Silicon nitride membrane resonators at millikelvin temperatures with quality factors exceeding $10^8$

TL;DR

This study demonstrates silicon nitride membrane resonators achieving ultra-high quality factors exceeding 10^8 at millikelvin temperatures, opening new avenues for quantum optomechanics and photon conversion applications.

Contribution

It reports the first observation of quality factors surpassing 10^8 in silicon nitride membranes at millikelvin temperatures, significantly advancing low-dissipation mechanical resonator technology.

Findings

Quality factors exceed 10^8 at 14 mK

Q increases divergingly below 200 mK

Membranes are suitable for quantum optomechanics

Abstract

We study mechanical dissipation of the fundamental mode of millimeter-sized, high quality-factor ($Q$) metalized silicon nitride membranes at temperatures down to 14 mK using a three-dimensional optomechanical cavity.

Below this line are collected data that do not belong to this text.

Lemma integral_min_penalty_le i0 :
  \int[Q]_a (min_penalty i0 a)%:E <=
  (N%:R^-1 * \sum_i s i)%:E + lam%:E * \int[pi]_z (cost kappa q z.1 z.2)%:E.
Proof.
have mcost := @measurable_cost R n kappa q.
rewrite (@ge0_integral_fst _ _ _ _ _ Q pi); first last.
- by move=> a; rewrite lee_fin min_penalty_ge0.
- by apply/measurable_EFinP; exact: measurable_min_penalty.
- by move=> A mA; exact: (proj1 (pi_coupling mA)).
apply: le_trans (integral_min_penalty_fst_le i0) _.
under eq_integral do rewrite EFinD EFinM.
rewrite ge0_integralD //; last 4 first.
- by move=> z _; rewrite lee_fin atom_weight_ge0.
- by apply/measurable_EFinP; exact: measurableT_comp measurable_atom_weight _.
- by move=> z _; rewrite mule_ge0 // lee_fin cost_ge0.
- under eq_fun do rewrite -EFinM.
  by apply/measurable_EFinP/measurable_funM; first exact: measurable_cst.
rewrite ge0_integralZl //; last 2 first.
- by apply/measurable_EFinP.
- by move=> z _; rewrite lee_fin cost_ge0.
by rewrite integral_atom_weight.
Qed.

End coupling.

End empirical_transport.

Lemma W_le_coupling {R : realType} n (kappa : R) (q : \bar R)
    (Q P : set (Xi R n) -> \bar R) (e d : R) :
  0 < d -> (W kappa q Q P <= e%:E)%E ->
  exists2 pi : probability (Xi R n * Xi R n)%type R,
    coupling pi Q P & (\int[pi]_z (cost kappa q z.1 z.2)%:E <= (e + d)%:E)%E.
Proof.
move=> d_gt0 W_le; have : (W kappa q Q P < (e + d)%:E)%E.
  by apply: le_lt_trans W_le _; rewrite lte_fin ltrDl.
by move=> /ereal_inf_lt [_ [pi [pi_coupling ->]] pi_lt]; exists pi => //; exact: ltW.
Qed.

Lemma lab_mismatch {R : realType} (kappa : R) (l y : bool) :
  kappa * (1 - lab R l * lab R y) / 2 = kappa * (l != y)%:R.
Proof. by case: l; case: y; rewrite /lab /=; field. Qed.

Section feasible_point.
Context {R : realType}.
Variables (n N Nh : nat) (kappa alpha : R) (p q : \bar R)
  (X : 'I_N -> n.-tuple R) (Y : 'I_N -> bool)
  (Xh : 'I_Nh -> n.-tuple R) (Yh : 'I_Nh -> bool)
  (beta : n.-tuple R) (lam lamh : R) (s : 'I_N -> R) (sh : 'I_Nh -> R)
  (z : 'I_N -> 'I_Nh -> bool -> n.-tuple R).
Hypotheses (kappa_ge0 : 0 <= kappa) (q_ge1 : (1%:E <= q)%E).
Hypothesis star_feasible : feasible_star kappa alpha p q X Y Xh Yh beta lam lamh s sh z.

Let xi i := (X i, Y i).
Let xih j := (Xh j, Yh j).

Lemma semi_infinite_feasible_star :
  semi_infinite_feasible kappa alpha p q X Y Xh Yh beta lam lamh s sh.
Proof.
move=> i j l; apply: ge_ereal_sup => _ [x _ <-].
have [_ [_ [_ [_ constraints]]]] := star_feasible.
have [Lb [z1_le z2_le]] := constraints i j l.
by rewrite lee_fin; exact: (ell_penalized_le q_ge1 x Lb z1_le z2_le).
Qed.

Lemma ell_le_penalty (a : Xi R n) i j :
  ell alpha p beta a.1 a.2 <=
  penalty xi s lam kappa q i a + penalty xih sh lamh kappa q j a.
Proof.
have [_ [_ [_ [_ constraints]]]] := star_feasible.
have [Lb [z1_le z2_le]] := constraints i j a.2.
have := ell_penalized_le q_ge1 a.1 Lb z1_le z2_le.
rewrite /rhs /penalty /cost !lab_mismatch (pnorm_vsubC _ a.1) (pnorm_vsubC _ a.1).
by rewrite !lerBlDr => /le_trans; apply; rewrite /=; lra.
Qed.

Lemma ell_le_min_penalty (a : Xi R n) i0 j0 :
  ell alpha p beta a.1 a.2 <=
  min_penalty xi s lam kappa q i0 a + min_penalty xih sh lamh kappa q j0 a.
Proof.
have min_le i : ell alpha p beta a.1 a.2 - penalty xi s lam kappa q i a <=
    min_penalty xih sh lamh kappa q j0 a.
  by apply: le_bigmin => [|j _]; rewrite lerBlDl ell_le_penalty.
by rewrite -lerBlDr; apply: le_bigmin => [|i _]; rewrite lerBlDr addrC -lerBlDr.
Qed.

Lemma expect_loss_le_min_penalty (Q : probability (Xi R n) R) i0 j0 :
  (expect_loss alpha p beta Q <=
   \int[Q]_a (min_penalty xi s lam kappa q i0 a)%:E +
   \int[Q]_a (min_penalty xih sh lamh kappa q j0 a)%:E)%E.
Proof.
have [lam_ge0 [lamh_ge0 [s_ge0 [sh_ge0 _]]]] := star_feasible.
have G_ge0 a : (0 <= (min_penalty xi s lam kappa q i0 a)%:E)%E.
  by rewrite lee_fin min_penalty_ge0.
have Gh_ge0 a : (0 <= (min_penalty xih sh lamh kappa q j0 a)%:E)%E.
  by rewrite lee_fin min_penalty_ge0.
have mG : measurable_fun setT (fun a => (min_penalty xi s lam kappa q i0 a)%:E).
  by apply/measurable_EFinP; exact: measurable_min_penalty.
have mGh : measurable_fun setT (fun a => (min_penalty xih sh lamh kappa q j0 a)%:E).
  by apply/measurable_EFinP; exact: measurable_min_penalty.
rewrite -ge0_integralD //.
apply: ge0_le_integral => //.
- by move=> a _; rewrite lee_fin Lalpha_ge0.
- by apply/measurable_EFinP; exact: measurable_ell.
- exact: emeasurable_funD.
- by move=> a _; rewrite -EFinD lee_fin ell_le_min_penalty.
Qed.

Lemma expect_loss_le_obj (eps epsh : R) (Q : probability (Xi R n) R) :
  (0 < N)%N -> (0 < Nh)%N -> in_balls kappa q eps epsh X Y Xh Yh Q ->
  (expect_loss alpha p beta Q <= (obj eps epsh lam lamh s sh)%:E)%E.
Proof.
move=> N_gt0 Nh_gt0 [_ [W_le W_leh]].
have [lam_ge0 [lamh_ge0 [s_ge0 [sh_ge0 _]]]] := star_feasible.
pose i0 := Ordinal N_gt0; pose j0 := Ordinal Nh_gt0.
apply/lee_addgt0Pr => e e_gt0.
pose d := e / (lam + lamh + 1).
have d_gt0 : 0 < d by rewrite divr_gt0 // ltr_wpDl // addr_ge0.
have [pi pi_coupling pi_cost] := W_le_coupling d_gt0 W_le.
have [pih pih_coupling pih_cost] := W_le_coupling d_gt0 W_leh.
have G_le := integral_min_penalty_le q lam_ge0 s_ge0 kappa_ge0 pi_coupling i0.
have Gh_le := integral_min_penalty_le q lamh_ge0 sh_ge0 kappa_ge0 pih_coupling j0.
apply: le_trans (expect_loss_le_min_penalty Q i0 j0) _.
apply: le_trans (leeD G_le Gh_le) _.
have lamE_ge0 : (0 <= lam%:E)%E by rewrite lee_fin.
have lamhE_ge0 : (0 <= lamh%:E)%E by rewrite lee_fin.
have cost_le := lee_wpmul2l lamE_ge0 pi_cost.
have costh_le := lee_wpmul2l lamhE_ge0 pih_cost.
apply: le_trans (leeD (leeD (lexx _) cost_le) (leeD (lexx _) costh_le)) _.
have de_le : (lam + lamh) * d <= e.
  rewrite /d mulrA ler_pdivrMr ?ltr_wpDl ?addr_ge0 //.
  by rewrite mulrC ler_pM2l // lerDl.
by rewrite -!EFinM -!EFinD lee_fin /obj; lra.
Qed.

End feasible_point.

Unset Implicit Arguments.
Theorem theorem1 (R : realType) (n N Nh : nat)
  (kappa alpha eps epsh : R) (p q : \bar R)
  (X : 'I_N -> n.-tuple R) (Y : 'I_N -> bool)
  (Xh : 'I_Nh -> n.-tuple R) (Yh : 'I_Nh -> bool) :
  0 <= kappa -> 0 <= alpha -> (1%:E <= p)%E -> (1%:E <= q)%E ->
  0 <= eps -> 0 <= epsh -> (0 < N)%N -> (0 < Nh)%N ->
  (forall (beta : n.-tuple R) (lam lamh : R) (s : 'I_N -> R) (sh : 'I_Nh -> R)
          (z : 'I_N -> 'I_Nh -> bool -> n.-tuple R),
     feasible_star kappa alpha p q X Y Xh Yh beta lam lamh s sh z ->
     semi_infinite_feasible kappa alpha p q X Y Xh Yh beta lam lamh s sh /\
     (forall Q : probability (Xi R n) R,
        in_balls kappa q eps epsh X Y Xh Yh Q ->
        (expect_loss alpha p beta Q <= (obj eps epsh lam lamh s sh)%:E)%E)) /\
  (value_aro kappa alpha eps epsh p q X Y Xh Yh
     <= value_star kappa alpha eps epsh p q X Y Xh Yh)%E.
Proof.
move=> kappa_ge0 _ _ q_ge1 _ _ N_gt0 Nh_gt0.
split=> [beta lam lamh s sh z feasible|].
  split; first exact: semi_infinite_feasible_star q_ge1 feasible.
  move=> Q; exact: (expect_loss_le_obj kappa_ge0 q_ge1 feasible N_gt0 Nh_gt0).
apply: le_ereal_inf_tmp => _ [beta [lam [lamh [s [sh [z [feasible ->]]]]]]].
apply: le_trans (ereal_inf_lbound _) _; first by exists beta.
apply: ge_ereal_sup => _ [Q ballsQ <-].
exact: (expect_loss_le_obj kappa_ge0 q_ge1 feasible N_gt0 Nh_gt0 ballsQ).
Qed.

Below 200 mK, high-$Q$ modes of the membranes show a diverging increase of $Q$ with decreasing temperature, reaching $Q=1.27\times10^8$ at 14 mK, an order of magnitude higher than reported before. The ultra-low dissipation makes the membranes highly attractive for the study of optomechanics in the quantum regime, as well as for other applications of optomechanics such as microwave to optical photon conversion.